\magnification=1200
\hsize=4in
\overfullrule=0pt
\input amssym
%\def\frac#1 #2 {{#1\over #2}}
\def\emph#1{{\it #1}}
\def\em{\it}
\nopagenumbers
\noindent
%
%
{\bf L. Wyatt Alverson II, Robert G. Donnelly, Scott J. Lewis and Robert Pervine}
%
%
\medskip
\noindent
%
%
{\bf Constructions of Representations of Rank Two Semisimple Lie Algebras with Distributive Lattices}
%
%
\vskip 5mm
\noindent
%
%
%
%
We associate one or two posets (which we call ``semistandard po\-sets'')

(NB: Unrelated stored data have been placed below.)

(* Let $q\geq 3$ be a prime power and let $k_1,k_2,l$ be non-negative integers such that $k_1=k_2=l+1\leq q-1$. Then there exists a linear $l$-intersection pair of two MDS codes over $\mathbb{F}_q$ both with parameters $[q,l+1,q-l]_q$.
   Context: An $[n,k,d]_q$ linear code is a $k$-dimensional subspace of $\mathbb{F}_q^n$ with minimum Hamming distance $d$; it is MDS if $d=n-k+1$. Two linear codes $C_1,C_2\subseteq\mathbb{F}_q^n$ form a linear $l$-intersection pair if $\dim(C_1\cap C_2)=l$. *)

From HB Require Import structures.
From mathcomp Require Import all_boot all_order all_algebra all_field.
Set Implicit Arguments. Unset Strict Implicit. Unset Printing Implicit Defensive.
Import GRing.Theory.
Local Open Scope ring_scope.

Definition hwt (F : fieldType) (n : nat) (x : 'rV[F]_n) : nat :=
  #|[set i : 'I_n | x 0 i != 0]|.

Definition hdist (F : fieldType) (n : nat) (x y : 'rV[F]_n) : nat := hwt (x - y).

Definition min_dist (F : fieldType) (n : nat) (C : {vspace 'rV[F]_n}) (d : nat) : Prop :=
  (exists x, exists y, [/\ x \in C, y \in C, x != y & hdist x y = d]) /\
  (forall x y, x \in C -> y \in C -> x != y -> (d <= hdist x y)%N).

Definition is_code (F : fieldType) (n : nat) (C : {vspace 'rV[F]_n}) (k d : nat) : Prop :=
  \dim C = k /\ min_dist C d.

Definition is_MDS (F : fieldType) (n : nat) (C : {vspace 'rV[F]_n}) : Prop :=
  exists d, min_dist C d /\ d = (n - \dim C + 1)%N.

Definition l_intersection_pair (F : fieldType) (n : nat) (C1 C2 : {vspace 'rV[F]_n}) (l : nat) : Prop :=
  \dim (C1 :&: C2) = l.

(* Both codes are generalized Reed-Solomon codes: evaluate the polynomials of
   degree at most l at all q points of F, for C1 with all weights 1 and for C2
   with weight lam (lam <> 0, 1) at the point 0.  A nonzero polynomial of degree
   at most l has at most l roots, so nonzero codewords have weight at least
   q - l, with equality for a product of l distinct linear factors: both codes
   are MDS.  A common codeword comes from p and g agreeing at the q - 1 nonzero
   points, so p = g since l < q - 1, and then p(0) = lam p(0) forces p(0) = 0.
   Hence the intersection is spanned by the evaluations of X, ..., X^l. *)

From HB Require Import structures.
From mathcomp Require Import all_boot all_order all_algebra all_field.
From mathcomp Require Import zify.
Set Implicit Arguments. Unset Strict Implicit. Unset Printing Implicit Defensive.
Import GRing.Theory.
Local Open Scope ring_scope.

Lemma exists_neq2 (T : finType) (a b : T) :
  (2 < #|T|)%N -> exists x : T, (x != a) && (x != b).
Proof.
move=> T3; apply/existsP; apply: contraTT T3 => /existsPn ab; rewrite -leqNgt.
have sub_ab : [set: T] \subset [set a; b].
  by apply/subsetP => x _; have := ab x; rewrite !inE negb_and !negbK.
by rewrite -cardsT (leq_trans (subset_leq_card sub_ab)) // cards2; case: (a != b).
Qed.

Lemma hwt0 (F : fieldType) (n : nat) : hwt (0 : 'rV[F]_n) = 0%N.
Proof. by apply/eqP; rewrite cards_eq0; apply/eqP/setP => i; rewrite !inE mxE eqxx. Qed.

Section WeightedEvaluation.
Variable F : finFieldType.
Local Notation q := #|F|.
Implicit Types (w : F -> F) (p : {poly F}).

Definition weval w p : 'rV[F]_q := \row_i (w (enum_val i) * p.[enum_val i]).

Lemma weval_is_linear w : linear (weval w).
Proof. by move=> a p r; apply/rowP => i; rewrite !mxE hornerD hornerZ mulrDr mulrCA. Qed.

HB.instance Definition _ w :=
  GRing.isLinear.Build F {poly F} 'rV[F]_q _ (weval w) (weval_is_linear w).

Lemma weval_enum_rank w p x : weval w p 0 (enum_rank x) = w x * p.[x].
Proof. by rewrite mxE enum_rankK. Qed.

Lemma card_roots_lt_size p : p != 0 -> (#|[set x | root p x]| < size p)%N.
Proof.
move=> p_nz; rewrite cardE max_poly_roots ?enum_uniq //.
by apply/allP => x; rewrite mem_enum inE.
Qed.

Lemma eq_poly_of_card_agree p g :
  (size (p - g)%R <= #|[set x | p.[x] == g.[x]]|)%N -> p = g.
Proof.
have -> : [set x | p.[x] == g.[x]] = [set x | root (p - g) x].
  by apply/setP => x; rewrite !inE rootE hornerD hornerN subr_eq0.
move=> le_pg; apply/eqP; rewrite -subr_eq0; apply: contraTT le_pg.
by rewrite -ltnNge; apply: card_roots_lt_size.
Qed.

Lemma hwt_weval w p : (forall x, w x != 0) ->
  hwt (weval w p) = (q - #|[set x | root p x]|)%N.
Proof.
move=> w_neq0; rewrite -[X in (X - _)%N](cardsC [set x | root p x]) addKn.
have nz_i i : (weval w p 0 i != 0) = ~~ root p (enum_val i).
  by rewrite mxE mulf_eq0 negb_or w_neq0.
rewrite /hwt -(card_imset _ enum_val_inj); apply: eq_card => x; rewrite !inE.
apply/imsetP/idP => [[i] | p_x]; first by rewrite inE nz_i => ? ->.
by exists (enum_rank x); rewrite ?enum_rankK // inE nz_i enum_rankK.
Qed.

Lemma hwt_weval_gt w p : (forall x, w x != 0) -> p != 0 ->
  (q < hwt (weval w p) + size p)%N.
Proof.
move=> w_neq0 p_nz; rewrite hwt_weval //.
have := card_roots_lt_size p_nz; have := max_card (mem [set x | root p x]); lia.
Qed.

Lemma weval_eq0 w p : (forall x, w x != 0) -> (size p <= q)%N ->
  (weval w p == 0) = (p == 0).
Proof.
move=> w_neq0 p_le; apply/eqP/eqP => [p_0 | ->]; last exact: linear0.
apply/eqP; apply: contraTT p_le => p_nz.
by have := hwt_weval_gt w_neq0 p_nz; rewrite p_0 hwt0 -ltnNge.
Qed.

Definition mono_code w s n : {vspace 'rV[F]_q} :=
  <<[tuple weval w 'X^(s + i) | i < n]>>%VS.

Lemma mono_code_gen_mem w s n (i : 'I_n) : weval w 'X^(s + i) \in mono_code w s n.
Proof. by apply/memv_span/mapP; exists i; rewrite ?mem_enum. Qed.

Lemma weval_mem_mono_code w s n p : (size p <= s + n)%N ->
  (forall j, (j < s)%N -> p`_j = 0) -> weval w p \in mono_code w s n.
Proof.
move=> p_le p_low.
have -> : p = \poly_(i < s + n) p`_i.
  apply/polyP => j; rewrite coef_poly; case: ltnP => // /(leq_trans p_le).
  by move/leq_sizeP; apply.
rewrite poly_def big_split_ord /= big1 ?add0r => [|i _]; last by rewrite p_low ?scale0r.
by rewrite linear_sum memv_suml // => i _; rewrite linearZ memvZ ?mono_code_gen_mem.
Qed.

Lemma size_sum_Xn s n (c : 'I_n -> F) :
  (size (\sum_(i < n) c i *: 'X^(s + i))%R <= s + n)%N.
Proof.
apply: (leq_trans (size_sum _ _ _)); apply/bigmax_leqP => i _.
by rewrite (leq_trans (size_scale_leq _ _)) // size_polyXn -addnS leq_add2l.
Qed.

Lemma coef_sum_Xn s n (c : 'I_n -> F) (j : 'I_n) :
  (\sum_(i < n) c i *: 'X^(s + i))`_(s + j) = c j.
Proof.
rewrite coef_sum (bigD1 j) //= coefZ coefXn eqxx mulr1 big1 ?addr0 // => i ij.
by rewrite coefZ coefXn eqn_add2l val_eqE eq_sym (negbTE ij) mulr0.
Qed.

Lemma mono_code_coord w s n v : v \in mono_code w s n ->
  exists c : 'I_n -> F, v = weval w (\sum_(i < n) c i *: 'X^(s + i)).
Proof.
move/coord_span => ->; eexists; rewrite linear_sum; apply: eq_bigr => i _.
by rewrite linearZ (nth_map i) ?size_enum_ord // nth_ord_enum.
Qed.

Lemma free_mono_code w s n : (forall x, w x != 0) -> (s + n <= q)%N ->
  free [tuple weval w 'X^(s + i) | i < n].
Proof.
move=> w_neq0 sn_le; apply/freeP => c sum_0 i.
have p_0 : weval w (\sum_(i < n) c i *: 'X^(s + i)) = 0.
  rewrite -{}sum_0 linear_sum; apply: eq_bigr => j _.
  by rewrite linearZ (nth_map j) ?size_enum_ord // nth_ord_enum.
move/eqP: p_0; rewrite weval_eq0 ?(leq_trans (size_sum_Xn _ _)) // => /eqP.
by move/(congr1 (coefp (s + i))); rewrite /= coef_sum_Xn coef0.
Qed.

Lemma dim_mono_code w s n : (forall x, w x != 0) -> (s + n <= q)%N ->
  \dim (mono_code w s n) = n.
Proof. by move=> w_neq0 /(free_mono_code w_neq0) /eqP; rewrite size_tuple. Qed.

Definition grs w k := mono_code w 0 k.

Lemma grsP w k v :
  reflect (exists2 p : {poly F}, (size p <= k)%N & v = weval w p) (v \in grs w k).
Proof.
apply: (iffP idP) => [/mono_code_coord [c ->] | [p p_le ->]].
  by exists (\sum_(i < k) c i *: 'X^(0 + i)) => //; rewrite -[k]/(0 + k)%N size_sum_Xn.
by apply: weval_mem_mono_code.
Qed.

Lemma min_dist_grs w l : (forall x, w x != 0) -> (l < q)%N ->
  min_dist (grs w l.+1) (q - l).
Proof.
move=> w_neq0 lt_lq; split.
  pose rs := take l (enum F).
  have size_rs : size rs = l by rewrite size_takel // -cardE ltnW.
  have uniq_rs : uniq rs by rewrite take_uniq ?enum_uniq.
  pose p := \prod_(a <- rs) ('X - a%:P).
  have roots_p : #|[set x | root p x]| = l.
    rewrite -size_rs -(card_uniqP uniq_rs); apply: eq_card => x.
    by rewrite inE -root_prod_XsubC.
  have hwt_p : hwt (weval w p) = (q - l)%N by rewrite hwt_weval ?roots_p.
  exists (weval w p), 0; split; rewrite ?mem0v /hdist ?subr0 //.
    by apply/grsP; exists p; rewrite ?size_prod_XsubC ?size_rs.
  by apply: contraTneq lt_lq => p_0; move: hwt_p; rewrite p_0 hwt0; lia.
move=> x y x_C y_C x_neq_y.
have /grsP [p p_le xy_p] := memvB x_C y_C.
have p_nz : p != 0.
  by apply: contra_neq x_neq_y => p_0; apply/eqP; rewrite -subr_eq0 xy_p p_0 linear0.
by have := hwt_weval_gt w_neq0 p_nz; rewrite /hdist xy_p; lia.
Qed.

Lemma grs_is_code w l : (forall x, w x != 0) -> (l < q)%N ->
  is_code (grs w l.+1) l.+1 (q - l).
Proof. by move=> w_neq0 lt_lq; split; [apply: dim_mono_code | apply: min_dist_grs]. Qed.

Lemma grs_is_MDS w l : (forall x, w x != 0) -> (l < q)%N -> is_MDS (grs w l.+1).
Proof.
move=> w_neq0 lt_lq; exists (q - l)%N; split; first exact: min_dist_grs.
by rewrite dim_mono_code //; lia.
Qed.

Section TwoWeights.
Variables (w w' : F -> F).
Hypothesis w_neq0 : forall x, w x != 0.
Hypotheses (w'_w : forall x : F, x != 0 -> w' x = w x) (w'_0 : w' 0 != w 0).

Lemma weval_root0 p : root p 0 -> weval w' p = weval w p.
Proof.
move/eqP=> p_0; apply/rowP => i; rewrite !mxE.
by have [-> | /w'_w ->] := eqVneq (enum_val i) 0; rewrite ?p_0 ?mulr0.
Qed.

Lemma weval_eq_root0 p g :
  weval w p = weval w' g -> (size (p - g)%R < q)%N -> p = g /\ root p 0.
Proof.
move=> eq_pg size_pg.
have eq_at x : w x * p.[x] = w' x * g.[x] by rewrite -!weval_enum_rank eq_pg.
have p_g : p = g.
  apply: eq_poly_of_card_agree.
  have nz_agree : [set~ (0 : F)] \subset [set x | p.[x] == g.[x]].
    apply/subsetP => x; rewrite !inE => /w'_w w'x.
    by apply/eqP/(mulfI (w_neq0 x)); rewrite eq_at w'x.
  apply: leq_trans (subset_leq_card nz_agree); rewrite cardsC1 -ltnS prednK //.
  exact: leq_ltn_trans size_pg.
split=> //; move: (eq_at 0); rewrite -p_g => /eqP.
by rewrite -subr_eq0 -mulrBl mulf_eq0 subr_eq0 eq_sym (negbTE w'_0).
Qed.

Lemma capv_grs k : (k.+2 <= q)%N ->
  (grs w k.+1 :&: grs w' k.+1)%VS = mono_code w 1 k.
Proof.
move=> k_lt; apply/eqP; rewrite eqEsubv; apply/andP; split.
  apply/subvP => v; rewrite memv_cap.
  case/andP=> /grsP [p p_le ->] /grsP [g g_le /weval_eq_root0] [|-> /eqP g_0].
      by rewrite (leq_ltn_trans (size_add _ _)) // size_opp gtn_max !(leq_trans _ k_lt).
  apply: weval_mem_mono_code => // j; rewrite ltnS leqn0 => /eqP ->.
  by rewrite -horner_coef0.
apply/span_subvP => _ /mapP [i _ ->]; rewrite memv_cap.
have Xi_le : (size ('X^(1 + i) : {poly F}) <= k.+1)%N by rewrite size_polyXn ltnS.
rewrite -{2}weval_root0; last by rewrite rootE hornerXn expr0n.
by apply/andP; split; apply/grsP; exists 'X^(1 + i).
Qed.

End TwoWeights.
End WeightedEvaluation.

Theorem theorem3 (F : finFieldType) (k1 k2 l : nat) :
  (3 <= #|F|)%N -> k1 = l.+1 -> k2 = l.+1 -> (l.+1 <= #|F| - 1)%N ->
  exists C1 C2 : {vspace 'rV[F]_#|F|},
    [/\ l_intersection_pair C1 C2 l,
        is_MDS C1, is_MDS C2,
        is_code C1 k1 (#|F| - l) & is_code C2 k2 (#|F| - l)].
Proof.
move=> q_ge3 -> -> l_lt.
have [lam /andP [lam_neq0 lam_neq1]] := exists_neq2 (0 : F) 1 q_ge3.
pose w1 (x : F) : F := 1.
pose w2 (x : F) : F := if x == 0 then lam else 1.
have w1_neq0 x : w1 x != 0 := oner_neq0 F.
have w2_neq0 x : w2 x != 0 by rewrite /w2; case: ifP; rewrite ?oner_neq0.
have w2_w1 x : x != 0 -> w2 x = w1 x by rewrite /w2 => /negbTE ->.
have w2_0 : w2 0 != w1 0 by rewrite /w2 eqxx.
have lt_lq : (l < #|F|)%N by lia.
exists (grs w1 l.+1), (grs w2 l.+1); split.
- by rewrite /l_intersection_pair capv_grs ?dim_mono_code //; lia.
- exact: grs_is_MDS.
- exact: grs_is_MDS.
- exact: grs_is_code.
- exact: grs_is_code.
Qed.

to any given irreducible representation of a rank two semi\-simple Lie
algebra over ${\Bbb C}$. Elsewhere we have shown how the
distributive lattices of order ideals taken from semistandard posets
(we call these ``semistandard lattices'') can be used to obtain
certain information about these irreducible representations. Here we
show that some of these semistandard lattices can be used to present
explicit actions of Lie algebra generators on weight bases (Theorem
5.1), which implies these particular semistandard lattices are
supporting graphs. Our descriptions of these actions are explicit in
the sense that relative to the bases obtained, the entries for the
representing matrices of certain Lie algebra generators are rational
coefficients we assign in pairs to the lattice edges. In Theorem 4.4
we show that if such coefficients can be assigned to the edges, then
the assignment is unique up to products; we conclude that the
associated weight bases enjoy certain uniqueness and extremal
properties (the ``solitary'' and ``edge-minimal'' properties
respectively). Our proof of this result is uniform and combinatorial
in that it depends only on certain properties possessed by all
semistandard posets. For certain families of semistandard lattices
some of these results were obtained in previous papers; in Proposition
5.6 we explicitly construct new weight bases for a certain family of
rank two symplectic representations. These results are used to help
obtain in Theorem 5.1 the classification of those semistandard
lattices which are supporting graphs.
\bye